*Exercise objective*. From the data underneath, reproduce exactly the stretch that begins at the line with "Lemma sumQ_mul (v" and ends after the line with "by rewrite addr0 ltnS leq_eqVlt ne_mk.".

*Given information*.

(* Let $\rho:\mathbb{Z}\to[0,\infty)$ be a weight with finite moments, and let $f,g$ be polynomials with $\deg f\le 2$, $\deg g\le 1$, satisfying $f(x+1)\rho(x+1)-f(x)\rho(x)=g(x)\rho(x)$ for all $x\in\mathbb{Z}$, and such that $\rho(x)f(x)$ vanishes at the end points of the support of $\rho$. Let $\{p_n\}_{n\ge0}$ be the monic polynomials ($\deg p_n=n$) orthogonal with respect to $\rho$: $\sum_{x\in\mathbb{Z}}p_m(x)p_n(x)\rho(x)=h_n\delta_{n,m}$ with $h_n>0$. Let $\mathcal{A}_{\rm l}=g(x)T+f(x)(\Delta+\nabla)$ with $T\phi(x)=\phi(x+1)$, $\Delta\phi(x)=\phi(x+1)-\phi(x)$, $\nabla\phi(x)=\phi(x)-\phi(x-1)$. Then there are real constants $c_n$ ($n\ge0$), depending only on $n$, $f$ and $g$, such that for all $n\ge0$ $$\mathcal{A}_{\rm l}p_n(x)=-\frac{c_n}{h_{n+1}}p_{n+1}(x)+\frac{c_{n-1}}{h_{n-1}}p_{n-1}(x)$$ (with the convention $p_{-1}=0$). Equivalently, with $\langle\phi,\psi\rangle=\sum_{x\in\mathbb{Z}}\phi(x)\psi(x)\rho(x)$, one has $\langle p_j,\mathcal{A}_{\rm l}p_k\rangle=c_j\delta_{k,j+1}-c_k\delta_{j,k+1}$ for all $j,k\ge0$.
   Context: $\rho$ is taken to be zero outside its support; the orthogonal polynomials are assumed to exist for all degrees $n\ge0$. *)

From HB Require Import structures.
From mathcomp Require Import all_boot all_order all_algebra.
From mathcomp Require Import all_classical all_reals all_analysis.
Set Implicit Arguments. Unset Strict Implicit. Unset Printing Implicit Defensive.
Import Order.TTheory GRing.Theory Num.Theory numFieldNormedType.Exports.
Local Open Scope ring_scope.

* * *

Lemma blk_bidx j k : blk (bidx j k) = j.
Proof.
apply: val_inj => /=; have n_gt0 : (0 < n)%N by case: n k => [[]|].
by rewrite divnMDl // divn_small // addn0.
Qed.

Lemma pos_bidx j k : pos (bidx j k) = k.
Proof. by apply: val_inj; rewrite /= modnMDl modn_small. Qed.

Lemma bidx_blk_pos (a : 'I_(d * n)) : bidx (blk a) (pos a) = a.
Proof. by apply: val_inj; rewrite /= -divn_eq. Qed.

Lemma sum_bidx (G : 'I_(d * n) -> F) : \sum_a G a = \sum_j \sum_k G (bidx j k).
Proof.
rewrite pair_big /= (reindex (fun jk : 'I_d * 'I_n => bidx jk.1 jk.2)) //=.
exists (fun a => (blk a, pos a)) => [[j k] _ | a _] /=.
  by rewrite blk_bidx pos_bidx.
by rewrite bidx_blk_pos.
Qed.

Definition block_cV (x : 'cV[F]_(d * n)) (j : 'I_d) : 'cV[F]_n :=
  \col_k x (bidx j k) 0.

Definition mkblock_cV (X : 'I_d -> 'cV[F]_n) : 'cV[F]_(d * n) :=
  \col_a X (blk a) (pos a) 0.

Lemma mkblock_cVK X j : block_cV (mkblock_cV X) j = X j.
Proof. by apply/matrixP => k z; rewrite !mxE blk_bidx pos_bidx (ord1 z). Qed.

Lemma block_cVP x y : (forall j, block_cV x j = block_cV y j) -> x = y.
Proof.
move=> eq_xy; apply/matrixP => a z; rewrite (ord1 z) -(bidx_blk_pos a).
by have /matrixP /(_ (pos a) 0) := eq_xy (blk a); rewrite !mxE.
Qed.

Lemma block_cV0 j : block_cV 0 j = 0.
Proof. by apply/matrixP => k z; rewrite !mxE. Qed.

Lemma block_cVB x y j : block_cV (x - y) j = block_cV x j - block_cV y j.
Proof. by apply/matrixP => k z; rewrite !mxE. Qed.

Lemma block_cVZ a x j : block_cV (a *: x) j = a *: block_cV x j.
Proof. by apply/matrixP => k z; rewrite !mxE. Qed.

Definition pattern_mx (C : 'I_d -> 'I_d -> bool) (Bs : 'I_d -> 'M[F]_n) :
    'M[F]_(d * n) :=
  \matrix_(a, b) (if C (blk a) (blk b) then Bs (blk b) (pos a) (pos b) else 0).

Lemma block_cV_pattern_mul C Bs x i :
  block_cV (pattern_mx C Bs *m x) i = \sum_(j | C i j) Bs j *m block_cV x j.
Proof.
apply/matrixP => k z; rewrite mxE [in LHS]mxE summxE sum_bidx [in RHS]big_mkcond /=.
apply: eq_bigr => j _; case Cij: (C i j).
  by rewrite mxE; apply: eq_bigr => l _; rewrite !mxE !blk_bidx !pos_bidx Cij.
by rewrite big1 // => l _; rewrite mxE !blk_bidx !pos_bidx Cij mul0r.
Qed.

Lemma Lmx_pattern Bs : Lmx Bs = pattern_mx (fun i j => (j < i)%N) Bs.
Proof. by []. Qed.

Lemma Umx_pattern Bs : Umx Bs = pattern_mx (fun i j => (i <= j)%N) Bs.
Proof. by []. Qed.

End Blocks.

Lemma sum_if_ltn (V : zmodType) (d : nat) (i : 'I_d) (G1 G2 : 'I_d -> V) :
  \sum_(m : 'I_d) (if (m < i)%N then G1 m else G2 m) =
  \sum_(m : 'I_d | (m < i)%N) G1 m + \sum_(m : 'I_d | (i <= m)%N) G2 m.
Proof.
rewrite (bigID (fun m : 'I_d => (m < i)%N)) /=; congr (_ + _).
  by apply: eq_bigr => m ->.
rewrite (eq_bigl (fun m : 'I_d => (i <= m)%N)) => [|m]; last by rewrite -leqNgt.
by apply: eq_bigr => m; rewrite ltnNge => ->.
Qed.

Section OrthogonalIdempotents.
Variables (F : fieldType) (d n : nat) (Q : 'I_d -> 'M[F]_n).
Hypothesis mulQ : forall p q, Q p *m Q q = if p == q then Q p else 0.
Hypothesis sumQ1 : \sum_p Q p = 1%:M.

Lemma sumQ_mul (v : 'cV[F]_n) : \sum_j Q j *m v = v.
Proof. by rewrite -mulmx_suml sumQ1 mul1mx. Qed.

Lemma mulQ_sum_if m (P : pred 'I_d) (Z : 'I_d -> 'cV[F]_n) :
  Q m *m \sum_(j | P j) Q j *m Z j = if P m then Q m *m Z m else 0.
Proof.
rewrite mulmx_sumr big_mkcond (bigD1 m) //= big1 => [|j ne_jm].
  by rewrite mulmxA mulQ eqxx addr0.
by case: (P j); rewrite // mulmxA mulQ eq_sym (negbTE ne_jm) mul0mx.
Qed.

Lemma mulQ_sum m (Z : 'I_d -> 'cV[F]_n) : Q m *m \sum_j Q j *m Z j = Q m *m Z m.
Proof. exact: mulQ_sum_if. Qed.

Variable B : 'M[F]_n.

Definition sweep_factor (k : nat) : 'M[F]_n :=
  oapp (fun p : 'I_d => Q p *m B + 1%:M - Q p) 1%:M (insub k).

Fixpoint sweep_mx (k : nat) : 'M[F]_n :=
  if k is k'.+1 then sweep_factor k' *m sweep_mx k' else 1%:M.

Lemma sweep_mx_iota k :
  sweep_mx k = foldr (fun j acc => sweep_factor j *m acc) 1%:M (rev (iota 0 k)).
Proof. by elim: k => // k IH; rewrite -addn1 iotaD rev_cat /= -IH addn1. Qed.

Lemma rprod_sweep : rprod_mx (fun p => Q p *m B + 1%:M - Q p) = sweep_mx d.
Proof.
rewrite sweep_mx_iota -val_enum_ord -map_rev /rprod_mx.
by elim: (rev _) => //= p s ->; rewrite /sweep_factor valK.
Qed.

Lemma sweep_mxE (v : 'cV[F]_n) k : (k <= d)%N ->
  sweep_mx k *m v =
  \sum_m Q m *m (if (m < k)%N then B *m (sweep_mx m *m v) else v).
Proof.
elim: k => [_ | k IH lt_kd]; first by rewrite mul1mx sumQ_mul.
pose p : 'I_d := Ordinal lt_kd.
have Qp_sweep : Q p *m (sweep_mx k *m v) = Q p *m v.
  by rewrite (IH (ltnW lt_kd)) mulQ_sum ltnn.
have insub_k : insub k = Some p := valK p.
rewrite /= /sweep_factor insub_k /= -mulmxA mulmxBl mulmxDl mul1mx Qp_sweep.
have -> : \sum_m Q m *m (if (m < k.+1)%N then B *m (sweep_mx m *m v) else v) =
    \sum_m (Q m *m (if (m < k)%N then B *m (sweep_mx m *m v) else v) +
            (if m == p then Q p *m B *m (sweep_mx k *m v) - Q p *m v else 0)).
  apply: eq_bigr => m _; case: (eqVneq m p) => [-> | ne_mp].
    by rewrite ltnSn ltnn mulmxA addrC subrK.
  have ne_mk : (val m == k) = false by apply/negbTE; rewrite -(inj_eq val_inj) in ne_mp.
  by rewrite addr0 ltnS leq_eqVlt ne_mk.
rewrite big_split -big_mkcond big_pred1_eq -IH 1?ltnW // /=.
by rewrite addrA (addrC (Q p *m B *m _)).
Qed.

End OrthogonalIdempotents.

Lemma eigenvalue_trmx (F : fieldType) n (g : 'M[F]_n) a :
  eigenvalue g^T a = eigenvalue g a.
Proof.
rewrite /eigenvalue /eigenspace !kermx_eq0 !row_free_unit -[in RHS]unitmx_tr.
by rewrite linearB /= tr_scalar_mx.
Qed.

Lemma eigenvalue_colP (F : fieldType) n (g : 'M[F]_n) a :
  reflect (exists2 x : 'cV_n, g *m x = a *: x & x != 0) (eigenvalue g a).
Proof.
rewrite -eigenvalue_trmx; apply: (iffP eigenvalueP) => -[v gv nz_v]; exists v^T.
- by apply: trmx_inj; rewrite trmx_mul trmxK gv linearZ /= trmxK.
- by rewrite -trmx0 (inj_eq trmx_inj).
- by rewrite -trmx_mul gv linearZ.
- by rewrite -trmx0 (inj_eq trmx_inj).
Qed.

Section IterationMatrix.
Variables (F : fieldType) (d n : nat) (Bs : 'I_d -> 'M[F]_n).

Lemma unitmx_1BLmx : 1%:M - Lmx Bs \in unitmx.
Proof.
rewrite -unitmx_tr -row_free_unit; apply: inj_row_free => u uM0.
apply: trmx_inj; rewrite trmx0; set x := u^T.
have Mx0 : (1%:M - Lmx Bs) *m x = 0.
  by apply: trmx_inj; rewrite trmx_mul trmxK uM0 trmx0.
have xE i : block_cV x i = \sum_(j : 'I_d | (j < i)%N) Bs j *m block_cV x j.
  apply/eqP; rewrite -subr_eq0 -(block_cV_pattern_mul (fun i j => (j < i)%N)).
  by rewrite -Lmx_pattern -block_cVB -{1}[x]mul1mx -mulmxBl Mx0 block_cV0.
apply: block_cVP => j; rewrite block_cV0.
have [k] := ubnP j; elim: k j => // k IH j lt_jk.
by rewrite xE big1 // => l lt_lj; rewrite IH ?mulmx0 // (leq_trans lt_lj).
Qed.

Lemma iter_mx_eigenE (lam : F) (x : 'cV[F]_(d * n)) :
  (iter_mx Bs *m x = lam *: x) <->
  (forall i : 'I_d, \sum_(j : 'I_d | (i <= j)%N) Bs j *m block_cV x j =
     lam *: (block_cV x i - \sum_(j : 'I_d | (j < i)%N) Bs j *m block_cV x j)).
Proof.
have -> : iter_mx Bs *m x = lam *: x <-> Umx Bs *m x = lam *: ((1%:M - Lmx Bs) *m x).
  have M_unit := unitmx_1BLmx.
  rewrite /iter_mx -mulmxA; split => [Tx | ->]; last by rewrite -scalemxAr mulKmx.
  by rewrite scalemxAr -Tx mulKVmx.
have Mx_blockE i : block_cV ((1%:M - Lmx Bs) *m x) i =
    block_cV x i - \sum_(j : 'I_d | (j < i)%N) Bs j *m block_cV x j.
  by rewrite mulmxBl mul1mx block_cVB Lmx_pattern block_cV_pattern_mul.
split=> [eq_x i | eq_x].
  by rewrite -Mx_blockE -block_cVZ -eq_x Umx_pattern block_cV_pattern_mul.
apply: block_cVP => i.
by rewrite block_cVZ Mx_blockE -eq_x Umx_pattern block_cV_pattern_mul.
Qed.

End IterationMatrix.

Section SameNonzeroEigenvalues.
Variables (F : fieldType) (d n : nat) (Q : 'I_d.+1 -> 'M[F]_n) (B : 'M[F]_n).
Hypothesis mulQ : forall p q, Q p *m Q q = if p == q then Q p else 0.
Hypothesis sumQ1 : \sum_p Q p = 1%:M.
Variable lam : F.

*Answer section*.
Lemma sumQ_mul (v : 'cV[F]_n) : \sum_j Q j *m v = v.
Proof. by rewrite -mulmx_suml sumQ1 mul1mx. Qed.

Lemma mulQ_sum_if m (P : pred 'I_d) (Z : 'I_d -> 'cV[F]_n) :
  Q m *m \sum_(j | P j) Q j *m Z j = if P m then Q m *m Z m else 0.
Proof.
rewrite mulmx_sumr big_mkcond (bigD1 m) //= big1 => [|j ne_jm].
  by rewrite mulmxA mulQ eqxx addr0.
by case: (P j); rewrite // mulmxA mulQ eq_sym (negbTE ne_jm) mul0mx.
Qed.

Lemma mulQ_sum m (Z : 'I_d -> 'cV[F]_n) : Q m *m \sum_j Q j *m Z j = Q m *m Z m.
Proof. exact: mulQ_sum_if. Qed.

Variable B : 'M[F]_n.

Definition sweep_factor (k : nat) : 'M[F]_n :=
  oapp (fun p : 'I_d => Q p *m B + 1%:M - Q p) 1%:M (insub k).

Fixpoint sweep_mx (k : nat) : 'M[F]_n :=
  if k is k'.+1 then sweep_factor k' *m sweep_mx k' else 1%:M.

Lemma sweep_mx_iota k :
  sweep_mx k = foldr (fun j acc => sweep_factor j *m acc) 1%:M (rev (iota 0 k)).
Proof. by elim: k => // k IH; rewrite -addn1 iotaD rev_cat /= -IH addn1. Qed.

Lemma rprod_sweep : rprod_mx (fun p => Q p *m B + 1%:M - Q p) = sweep_mx d.
Proof.
rewrite sweep_mx_iota -val_enum_ord -map_rev /rprod_mx.
by elim: (rev _) => //= p s ->; rewrite /sweep_factor valK.
Qed.

Lemma sweep_mxE (v : 'cV[F]_n) k : (k <= d)%N ->
  sweep_mx k *m v =
  \sum_m Q m *m (if (m < k)%N then B *m (sweep_mx m *m v) else v).
Proof.
elim: k => [_ | k IH lt_kd]; first by rewrite mul1mx sumQ_mul.
pose p : 'I_d := Ordinal lt_kd.
have Qp_sweep : Q p *m (sweep_mx k *m v) = Q p *m v.
  by rewrite (IH (ltnW lt_kd)) mulQ_sum ltnn.
have insub_k : insub k = Some p := valK p.
rewrite /= /sweep_factor insub_k /= -mulmxA mulmxBl mulmxDl mul1mx Qp_sweep.
have -> : \sum_m Q m *m (if (m < k.+1)%N then B *m (sweep_mx m *m v) else v) =
    \sum_m (Q m *m (if (m < k)%N then B *m (sweep_mx m *m v) else v) +
            (if m == p then Q p *m B *m (sweep_mx k *m v) - Q p *m v else 0)).
  apply: eq_bigr => m _; case: (eqVneq m p) => [-> | ne_mp].
    by rewrite ltnSn ltnn mulmxA addrC subrK.
  have ne_mk : (val m == k) = false by apply/negbTE; rewrite -(inj_eq val_inj) in ne_mp.
  by rewrite addr0 ltnS leq_eqVlt ne_mk.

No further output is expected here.